From 2014 to 2020, when I was in grad school and writing, I worked four days a week at the original McNally Jackson bookstore. That was wonderful. I don’t think I’ll ever love a job as much as I loved that one. It was adjacent to writing, but didn’t make me hate books in the way I think I would’ve had I started working in actual publishing. I didn’t have a ton of money, but I had the time I needed to prioritize writing. I left that job in 2020 and since then have been balancing things with teaching, which I love, and freelancing.

It mostly works OK, except when it doesn’t. You don’t have the ability, which I miss, of truly being able to take two weeks off when no one is emailing you, and you’re not responsible for anybody. I’m now at this stage where I set an out-of-office email on my general inbox if I go away for three days. The need to be constantly available can be difficult.

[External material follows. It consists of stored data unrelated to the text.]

(* Let $\mathcal{X}_1,\mathcal{X}_2$ be non-empty sets, $\mathcal{B}_i\subseteq\mathcal{P}(\mathcal{X}_i)\setminus\{\emptyset\}$ and $\mathcal{D}_i$ a coherent set of desirable gambles on $\mathcal{X}_i$ for $i\in\{1,2\}$. Then $\mathcal{D}_1\otimes\mathcal{D}_2$ is an independent product of $\mathcal{D}_1$ and $\mathcal{D}_2$.
   Context: Gambles on a non-empty set $\mathcal{X}$ are bounded real functions; $\mathcal{G}(\mathcal{X})$ is the set of gambles, $\mathcal{G}_{>0}(\mathcal{X})$ the non-negative non-zero gambles, $\mathbb{I}_A$ the indicator of $A$. For $\mathcal{A}\subseteq\mathcal{G}(\mathcal{X})$: $\mathrm{posi}(\mathcal{A}):=\{\sum_{i=1}^n\lambda_if_i\colon n\in\mathbb{N},\lambda_i>0,f_i\in\mathcal{A}\}$, $\mathcal{E}(\mathcal{A}):=\mathrm{posi}(\mathcal{A}\cup\mathcal{G}_{>0}(\mathcal{X}))$. A coherent set of desirable gambles $\mathcal{D}\subseteq\mathcal{G}(\mathcal{X})$ satisfies, for all $f,g\in\mathcal{G}(\mathcal{X})$ and $\lambda>0$: (D1) $f\geq0,f\neq0\Rightarrow f\in\mathcal{D}$; (D2) $f\in\mathcal{D}\Rightarrow\lambda f\in\mathcal{D}$; (D3) $f,g\in\mathcal{D}\Rightarrow f+g\in\mathcal{D}$; (D4) $f\leq0\Rightarrow f\notin\mathcal{D}$. Gambles on $\mathcal{X}_i$ are identified with their cylindrical extensions to $\mathcal{X}_1\times\mathcal{X}_2$, events $B\subseteq\mathcal{X}_1$ with $B\times\mathcal{X}_2$ (similarly for $\mathcal{X}_2$). $\mathcal{D}_1\otimes\mathcal{D}_2:=\mathcal{E}(\mathcal{A}_{1\to2}\cup\mathcal{A}_{2\to1})$, where $\mathcal{A}_{1\to2}:=\{f_2(X_2)\mathbb{I}_{B_1}(X_1)\colon f_2\in\mathcal{D}_2,B_1\in\mathcal{B}_1\cup\{\mathcal{X}_1\}\}$ and $\mathcal{A}_{2\to1}:=\{f_1(X_1)\mathbb{I}_{B_2}(X_2)\colon f_1\in\mathcal{D}_1,B_2\in\mathcal{B}_2\cup\{\mathcal{X}_2\}\}$. For $\mathcal{D}$ on $\mathcal{X}_1\times\mathcal{X}_2$ and $\{i,j\}=\{1,2\}$: $\mathrm{marg}_i(\mathcal{D}):=\{f\in\mathcal{G}(\mathcal{X}_i)\colon f(X_i)\in\mathcal{D}\}$, $\mathrm{marg}_i(\mathcal{D}\rfloor B_j):=\{f\in\mathcal{G}(\mathcal{X}_i)\colon f(X_i)\mathbb{I}_{B_j}(X_j)\in\mathcal{D}\}$. A coherent $\mathcal{D}$ on $\mathcal{X}_1\times\mathcal{X}_2$ is epistemically independent if $\mathrm{marg}_i(\mathcal{D}\rfloor B_j)=\mathrm{marg}_i(\mathcal{D})$ for all $\{i,j\}=\{1,2\}$ and $B_j\in\mathcal{B}_j$. An independent product of $\mathcal{D}_1,\mathcal{D}_2$ is an epistemically independent coherent set of desirable gambles $\mathcal{D}$ on $\mathcal{X}_1\times\mathcal{X}_2$ with $\mathrm{marg}_1(\mathcal{D})=\mathcal{D}_1$ and $\mathrm{marg}_2(\mathcal{D})=\mathcal{D}_2$. *)

From Stdlib Require Import Reals List ClassicalEpsilon.
Open Scope R_scope.
Set Implicit Arguments.

Definition gset (X : Type) := (X -> R) -> Prop.

Definition bounded {X : Type} (f : X -> R) : Prop :=
  exists M : R, forall x, Rabs (f x) <= M.

Definition Gpos {X : Type} : gset X := fun f =>
  bounded f /\ (forall x, 0 <= f x) /\ (exists x, f x <> 0).

Definition posi {X : Type} (A : gset X) : gset X := fun f =>
  exists l : list (R * (X -> R)),
    l <> nil /\
    Forall (fun p => 0 < fst p /\ A (snd p)) l /\
    f = (fun x => fold_right (fun p acc => fst p * snd p x + acc) 0 l).

Definition gunion {X : Type} (A B : gset X) : gset X := fun f => A f \/ B f.

Definition natext {X : Type} (A : gset X) : gset X := posi (gunion A Gpos).

Definition coherent {X : Type} (D : gset X) : Prop :=
  (forall f, D f -> bounded f) /\
  (forall f, bounded f -> (forall x, 0 <= f x) -> (exists x, f x <> 0) -> D f) /\
  (forall f (lam : R), D f -> 0 < lam -> D (fun x => lam * f x)) /\
  (forall f g, D f -> D g -> D (fun x => f x + g x)) /\
  (forall f, bounded f -> (forall x, f x <= 0) -> ~ D f).

Definition ind {X : Type} (B : X -> Prop) (x : X) : R :=
  if excluded_middle_informative (B x) then 1 else 0.

Definition A12 {X1 X2 : Type} (Bs1 : (X1 -> Prop) -> Prop) (D2 : gset X2)
  : gset (X1 * X2) := fun h =>
  exists (f2 : X2 -> R) (B1 : X1 -> Prop),
    D2 f2 /\ (Bs1 B1 \/ B1 = (fun _ => True)) /\
    h = (fun z => f2 (snd z) * ind B1 (fst z)).

Definition A21 {X1 X2 : Type} (Bs2 : (X2 -> Prop) -> Prop) (D1 : gset X1)
  : gset (X1 * X2) := fun h =>
  exists (f1 : X1 -> R) (B2 : X2 -> Prop),
    D1 f1 /\ (Bs2 B2 \/ B2 = (fun _ => True)) /\
    h = (fun z => f1 (fst z) * ind B2 (snd z)).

Another important thing for me was leaving New York. I moved to Berlin 11 months ago. I love New York, it feels like home, but it was increasingly clear to me that there were things I wanted and ways I wanted to be able to prioritize being a writer that weren’t tenable for me in New York anymore. The cost of living in Berlin is a lot lower, and there’s a huge English language writing community. Berlin isn’t perfect, but in comparison it’s so much easier to make art here.

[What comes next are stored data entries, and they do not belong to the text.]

Theorem mainTheorem12 (k : fieldType) (q : k)
  (hchar : [pchar k] =i pred0)
  (hq : forall n : nat, (0 < n)%N -> q ^+ n = 1 -> q = 1)
  (A : comAlgType k) (u : int -> A) (hu : klyachko_plus q u)
  (alpha : seq nat) (m : nat)
  (halpha : is_composition alpha) (hm : (size alpha <= m)%N) :
  fundQS alpha m (udiff u) =
  (q ^+ nstat alpha / qfact q (sumn alpha))
    *: uint u (1 + m - size alpha) (sumn alpha + m - size alpha).
Proof.
have [u_rel u_nonpos] := hu.
have u0 : u 0 = 0 by apply: u_nonpos.
rewrite fundQS_boundedF (boundedF_closed_form u_rel u0 (qint_neq0 hchar hq) erefl halpha (leqnn m)).
rewrite /closed_form subSn // uprod_uint.
by congr (_ *: uint u _ _); move: hm; clear; lia.
Qed.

I feel a similar sense of instability—of trying to write while also working. For a while I thought that would be solved by selling a book, but I’m coming to terms with the fact that it’s just going to be a lifetime problem, unless you get very lucky.

Yeah. My husband is the reason I live in Berlin. When we met, I lived in New York. Initially the plan was that he would move to New York, but in the meantime, while we waited, I was going back and forth, spending big chunks of time in Berlin. Spending a significant amount of time outside of New York for the first time in a decade really changed things. I realized, basically, that there was another way to live. One where I wasn’t stressed about buying groceries and could have a washing machine in my apartment. In the end Berlin won out.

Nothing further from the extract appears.